• L'événement :

Mercredi 28 août, François Hollande annonce en Conseil des ministres convoquer le Parlement pour une session extraordinaire sur "la situation en Syrie". Le rendez-vous est fixé ce mercredi à 16 heures. Cela vaut donc pour les députés de l'Assemblée nationale et pour les sages du Sénat. Durant ces deux séances publiques, les députés d'un côté et les sénateurs de l'autre feront entendre leurs voix et la position de leurs partis respectifs sur une éventuelle intervention française en Syrie. Il n’y aura pas de vote à l’issue de ce débat, conformément à ce que prévoit la constitution et en dépit des pressions d’une partie de la classe politique. Le Président n'a toutefois pas exclu d'organiser un scrutin au Parlement dans les prochains jours.

  • Qui va parler ?

A l'Assemblée, le Premier ministre Jean-Marc Marc Ayrault sera l'avocat de la position du gouvernement, à savoir une intervention armée. Au Sénat, c'est le ministre des Affaires étrangères, Laurent Fabius, qui s'en chargera. Chacun ouvrira simultanément le débat par une intervention. Ce sera ensuite au tour des députés et sénateurs de prendre la parole. Le déroulé de l'Assemblée a déjà été communiqué : Élisabeth Guigou et Patricia Adam, les présidentes des commissions des Affaires étrangères et de la Défense prendront la parole après le Premier ministre. Chaque groupe parlementaire exprimera ensuite sa position officielle. François de Rugy, pour Europe Ecologie-Les Verts, ouvrira les hostilités. Ensuite, Paul Giacobbi s'exprimera au nom des radicaux de gauche (RRDP). Bruno Le Roux interviendra ensuite pour donner la position du groupe socialiste. Christian Jacob défendra ensuite la position de l’UMP et enfin Jean-Louis Borloo pour l’UDI. Chacun dispose d’un temps de parole de 10 minutes.

  • Quelles divisions ?

Les débats risquent d'être houleux. Car à seuls les socialistes (à de rares exceptions près) soutiennent sans condition la position du président. Dans l'opposition, l'UMP a réussi à dégager mardi une position commune, fondée sur la prudence. Une intervention, oui, mais à deux conditions : qu'elle attende la publication du rapport des experts des Nations unies, "pour savoir comment les armes chimiques ont été utilisées, par qui et dans quelles conditions", et qu'elle obtienne un feu vert de l'ONU, a expliqué le chef de file des députés UMP, Christian Jacob. Si ces deux conditions ne sont pas réunies, l'UMP exigera un vote du Parlement.

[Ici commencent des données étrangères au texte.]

(* Let $G$ and $G'$ be connected graphs of bounded degree which are quasi-isometric. If $G$ is extraterrestrial, then $G'$ is extraterrestrial.
   Context: A graph $G=(V,E)$ has undirected edges; $d_G$ is the shortest-path metric on $V$. A path of length $n$ is a sequence $w_0,\dots,w_n$ of distinct vertices with consecutive ones adjacent. For finite $A,B\subseteq V$, a matching is a relation $M\subseteq A\times B$ whose two coordinate projections are injective; it is complete if it induces a bijection $A\to B$; it is by paths of length at most $k$ if $d_G(u,v)\le k$ for every $(u,v)\in M$. For integers $m,k,r\ge 0$, an $(m,k,r)$-UFO in $G$ is a triple $(U,F,O)$ of pairwise disjoint finite subsets of $V$, with $U$ nonempty, such that: (1) $|U|\ge m|F|$; (2) there is a complete matching between $U$ and $O$ by paths of length at most $k$; (3) every path in $G$ from a vertex of $U$ to a vertex of $O$ either contains a vertex of $F$ or has length at least $r$. A graph $G$ is extraterrestrial if for every $m\in\mathbb N$ there exists $k\in\mathbb N$ such that for every $r\in\mathbb N$ there exists an $(m,k,r)$-UFO in $G$. Graphs $G=(V,E)$, $G'=(V',E')$ are quasi-isometric if there are $f:V\to V'$ and constants $A,B,C>0$ with $\frac1A d_G(v_1,v_2)-B\le d_{G'}(f(v_1),f(v_2))\le A d_G(v_1,v_2)+B$ for all $v_1,v_2\in V$, and every $v'\in V'$ is at $d_{G'}$-distance at most $C$ from $f(V)$. *)

From Stdlib Require Import Reals Lra Lia List Arith.
Import ListNotations.
Open Scope R_scope.

Section Graphs.
Context {V : Type} (adj : V -> V -> Prop).

Definition simple_graph : Prop :=
  (forall u v, adj u v -> adj v u) /\ (forall v, ~ adj v v).

Fixpoint chain (p : list V) : Prop :=
  match p with
  | [] => True
  | x :: q => match q with
              | [] => True
              | y :: _ => adj x y /\ chain q
              end
  end.

Definition is_path_from_to (p : list V) (u v : V) : Prop :=
  NoDup p /\ chain p /\ hd_error p = Some u /\ last p u = v /\ p <> [].

Definition path_length (p : list V) : nat := Nat.pred (length p).

Definition is_dist (u v : V) (n : nat) : Prop :=
  (exists p, is_path_from_to p u v /\ path_length p = n) /\
  (forall p, is_path_from_to p u v -> (n <= path_length p)%nat).

Definition dist_le (u v : V) (k : nat) : Prop :=
  exists p, is_path_from_to p u v /\ (path_length p <= k)%nat.

Definition connected : Prop :=
  forall u v, exists p, is_path_from_to p u v.

Definition bounded_degree : Prop :=
  exists D : nat, forall v (l : list V), NoDup l ->
    (forall w, In w l -> adj v w) -> (length l <= D)%nat.

(* finite subsets of V are represented by duplicate-free lists *)
Definition disjoint (A B : list V) : Prop := forall x, In x A -> ~ In x B.

(* complete matching between A and B by paths of length at most k:
   a relation M ⊆ A × B with injective coordinate projections that
   induces a bijection A -> B, with d(u,v) <= k for (u,v) ∈ M *)
Definition complete_matching_le (A B : list V) (k : nat) : Prop :=
  exists M : V -> V -> Prop,
    (forall a b, M a b -> In a A /\ In b B) /\
    (forall a b b', M a b -> M a b' -> b = b') /\
    (forall a a' b, M a b -> M a' b -> a = a') /\
    (forall a, In a A -> exists b, M a b) /\
    (forall b, In b B -> exists a, M a b) /\
    (forall a b, M a b -> dist_le a b k).

Definition is_UFO (m k r : nat) (U F O : list V) : Prop :=
  NoDup U /\ NoDup F /\ NoDup O /\
  disjoint U F /\ disjoint U O /\ disjoint F O /\
  U <> [] /\
  (m * length F <= length U)%nat /\
  complete_matching_le U O k /\
  (forall p u o, In u U -> In o O -> is_path_from_to p u o ->
     (exists x, In x p /\ In x F) \/ (r <= path_length p)%nat).

Definition extraterrestrial : Prop :=
  forall m : nat, exists k : nat, forall r : nat,
    exists U F O : list V, is_UFO m k r U F O.

End Graphs.

Definition quasi_isometric {V V' : Type} (adj : V -> V -> Prop)
  (adj' : V' -> V' -> Prop) : Prop :=
  exists (f : V -> V') (A B C : R), 0 < A /\ 0 < B /\ 0 < C /\
    (forall v1 v2 n n', is_dist adj v1 v2 n ->
       is_dist adj' (f v1) (f v2) n' ->
       INR n / A - B <= INR n' /\ INR n' <= A * INR n + B) /\
    (forall v', exists v n, is_dist adj' v' (f v) n /\ INR n <= C).

From Stdlib Require Import Reals List Arith Lia Lra ClassicalEpsilon Classical.
Import ListNotations.
Local Open Scope nat_scope.

(* Fix a quasi-isometry f : G -> G' with a coarse inverse g.  Given m, take a UFO (U, F, O)
   of G for a much larger multiplier and push its matched pairs (u, o) forward by f.  Pairs
   whose images collide are thinned out greedily (the fibres of f lie in balls of bounded
   size, so a fixed fraction survives), and pairs with an image in F', a bounded-radius
   neighbourhood of f(F) of size O(|F|), are dropped.  A path of G' between the surviving
   images that avoids F' is pulled back by g to a walk of G from u to o that avoids F and
   has length linear in that of the path, so a large separation r in G forces the path to
   be long: (f(U), F', f(O)) is a UFO of G'. *)

Definition cdec (P : Prop) : bool := if excluded_middle_informative P then true else false.

Lemma cdec_spec (P : Prop) : cdec P = true <-> P.
Proof.
  unfold cdec; destruct (excluded_middle_informative P); split; auto; try easy.
Qed.

Section Lists.
Context {A : Type}.

Lemma NoDup_map_inj {B} (h : A -> B) l x y :
  NoDup (map h l) -> In x l -> In y l -> h x = h y -> x = y.
Proof.
  induction l as [|a l IH]; simpl; intros Hnd Hx Hy Hxy; [contradiction|].
  inversion Hnd as [|? ? Ha Hl]; subst.
  destruct Hx as [<-|Hx], Hy as [<-|Hy]; auto.
  - exfalso; apply Ha; rewrite Hxy; apply in_map; auto.
  - exfalso; apply Ha; rewrite <- Hxy; apply in_map; auto.
Qed.

Lemma length_le_of_inj_into {B} (h : A -> B) t (T : list B) :
  NoDup t -> (forall x y, In x t -> In y t -> h x = h y -> x = y) ->
  (forall x, In x t -> In (h x) T) -> length t <= length T.
Proof.
  intros Hnd Hinj HT; rewrite <- (length_map h); apply NoDup_incl_length.
  - apply NoDup_map_NoDup_ForallPairs; auto.
  - intros z Hz; apply in_map_iff in Hz as [x [<- Hx]]; auto.
Qed.

Lemma split_by_cases (P Q : A -> Prop) s :
  NoDup s -> (forall x, In x s -> P x \/ Q x) ->
  exists s1 s2, NoDup s1 /\ NoDup s2 /\ incl s1 s /\ incl s2 s /\
    (forall x, In x s1 -> P x) /\ (forall x, In x s2 -> Q x) /\
    length s = length s1 + length s2.
Proof.
  intros Hnd Hs.
  exists (filter (fun x => cdec (P x)) s), (filter (fun x => negb (cdec (P x))) s).
  repeat split; try (apply NoDup_filter; assumption);
    try (intros x Hx; apply filter_In in Hx as [Hx HPx]).
  - exact Hx.
  - exact Hx.
  - now apply cdec_spec.
  - destruct (Hs x Hx) as [HP|HQ]; auto.
    apply cdec_spec in HP; rewrite HP in HPx; discriminate.
  - symmetry; apply filter_length.
Qed.

Lemma bounded_union {B} (P : A -> list B -> Prop) (M : nat) (xs : list A) :
  (forall x, exists l, length l <= M /\ P x l) ->
  (forall x l l', incl l l' -> P x l -> P x l') ->
  exists L, length L <= length xs * M /\ forall x, In x xs -> P x L.
Proof.
  intros H Hmono; induction xs as [|x xs [L [HL HP]]].
  - exists []; split; [simpl; lia | intros _ []].
  - destruct (H x) as [l [Hl Hx]]; exists (l ++ L); split.
    + rewrite length_app; simpl; lia.
    + intros y [<-|Hy]; eapply Hmono; eauto; intros z Hz; apply in_or_app; auto.
Qed.

(* Greedy selection: keep the head, discard everything in conflict with it, recurse. *)
Lemma exists_independent_sublist (conf : A -> A -> Prop) (K : nat) l :
  (forall x y, conf x y -> conf y x) -> (forall x, conf x x) -> NoDup l ->
  (forall x t, In x l -> NoDup t -> incl t l -> (forall y, In y t -> conf x y) ->
     length t <= K) ->
  exists s, NoDup s /\ incl s l /\
    (forall x y, In x s -> In y s -> conf x y -> x = y) /\ length l <= K * length s.
Proof.
  intros Hsym Hrefl; induction l as [l IH] using (induction_ltof1 _ (@length A)).
  destruct l as [|x r]; intros Hnd Hcnt.
  { exists []; repeat split; try constructor; try easy; simpl; lia. }
  inversion Hnd as [|? ? Hxr Hr]; subst.
  set (rest := filter (fun y => negb (cdec (conf x y))) r).
  assert (Hrest : forall y, In y rest -> In y r /\ ~ conf x y).
  { intros y Hy; apply filter_In in Hy as [Hy Hc]; split; auto.
    intros Hxy; apply cdec_spec in Hxy; rewrite Hxy in Hc; discriminate. }
  assert (Hconflicts : length (x :: filter (fun y => cdec (conf x y)) r) <= K).
  { apply (Hcnt x); [left; reflexivity | | |].
    - constructor; [|apply NoDup_filter; auto].
      intros Hx; apply filter_In in Hx; tauto.
    - intros y [<-|Hy]; [left; reflexivity|right; apply filter_In in Hy; tauto].
    - intros y [<-|Hy]; auto; apply filter_In in Hy as [_ Hy]; now apply cdec_spec. }
  pose proof (filter_length (fun y => cdec (conf x y)) r) as Hsplit.
  cbv beta in Hsplit; fold rest in Hsplit.
  destruct (IH rest) as (s & Hs & Hsr & Hsind & Hslen).
  - unfold ltof; simpl; lia.
  - apply NoDup_filter; auto.
  - intros y t Hy Ht Htr Hyt; apply (Hcnt y t); auto.
    + right; apply Hrest; auto.
    + intros z Hz; right; apply Hrest, Htr; auto.
  - exists (x :: s); split; [|split; [|split]].
    + constructor; auto; intros Hx; apply Hxr, Hrest, Hsr; auto.
    + intros y [<-|Hy]; [left; reflexivity|right; apply Hrest, Hsr; auto].
    + intros y z [<-|Hy] [<-|Hz] Hyz; auto.
      * exfalso; apply (Hrest z (Hsr z Hz)); auto.
      * exfalso; apply (Hrest y (Hsr y Hy)); auto.
    + simpl in Hconflicts |- *; nia.
Qed.

End Lists.

Section Walks.
Context {V : Type} (adj : V -> V -> Prop).

Inductive walk (X : list V) : V -> V -> nat -> Prop :=
| walk_nil u : ~ In u X -> walk X u u 0
| walk_cons u w v n : adj u w -> ~ In u X -> walk X w v n -> walk X u v (S n).

Definition walk_le (X : list V) u v N := exists n, n <= N /\ walk X u v n.

Definition near u v N := walk_le [] u v N.

Lemma walk_end X u v n : walk X u v n -> ~ In v X.
Proof. induction 1; auto. Qed.

Lemma walk_app X u v w n m : walk X u v n -> walk X v w m -> walk X u w (n + m).
Proof. induction 1; intros; simpl; auto; econstructor; eauto. Qed.

Lemma walk_le_trans X u v w n m :
  walk_le X u v n -> walk_le X v w m -> walk_le X u w (n + m).
Proof.
  intros [a [Ha Hu]] [b [Hb Hv]]; exists (a + b); split; [lia|]; eapply walk_app; eauto.
Qed.

Lemma walk_le_mono X u v n m : walk_le X u v n -> n <= m -> walk_le X u v m.
Proof. intros [a [Ha Hw]] Hnm; exists a; split; [lia|auto]. Qed.

Lemma near_refl u : near u u 0.
Proof. exists 0; split; auto; constructor; auto. Qed.

Lemma near_adj u v : adj u v -> near u v 1.
Proof. exists 1; split; auto; econstructor; eauto; constructor; auto. Qed.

Le président de l'UDI, Jean-Louis Borloo, avait été l'un des premiers à juger indispensable, en l'absence d'un feu vert de l'ONU, un scrutin au sein du Parlement.

Pour sa part, Marine Le Pen a carrément soupçonné le gouvernement de "construire des preuves" pour justifier une intervention déjà décidée. Mais en l'absence d'un groupe parlementaire, le FN ne s'exprimera pas cependant pas ce mercredi.

A la gauche de la gauche, Jean-Luc Mélenchon comme le Parti communiste, refusent toute intervention qui transformerait Paris en "supplétif" de Washington, et estiment qu'un vote du Parlement devrait aller "de soi".

Dans la majorité, les écologistes, s'ils approuvent le principe d'une intervention, réclament eux aussi l'organisation d'un vote, une position constante de leur part en telle situation. Les radicaux de gauche laissent à François Hollande le soin de décider ou non d'un vote.

  • Quels enjeux ?

Le Président cherche une "réponse appropriée" à l'attaque chimique du 21 août. "Ce crime ne peut rester impuni", a-t-il souligné une nouvelle fois ce mardi, insistant sur sa "détermination" sans faille. Sauf que la classe politique est divisée sur le sujet et que les réfractaires ne vont pas lui faciliter la tâche. Nous sommes bien loin de l’unité qu’a connu l’exécutif pour l’intervention au Mali en mars dernier. En outre, les débats se dérouleront dans une grande incertitude : le président américain Barack Obama, qui était encore la semaine dernière en première ligne pour une intervention, a en effet finalement suspendu l'attaque au feu vert de son Congrès, qui se réunira à partir du 9 septembre.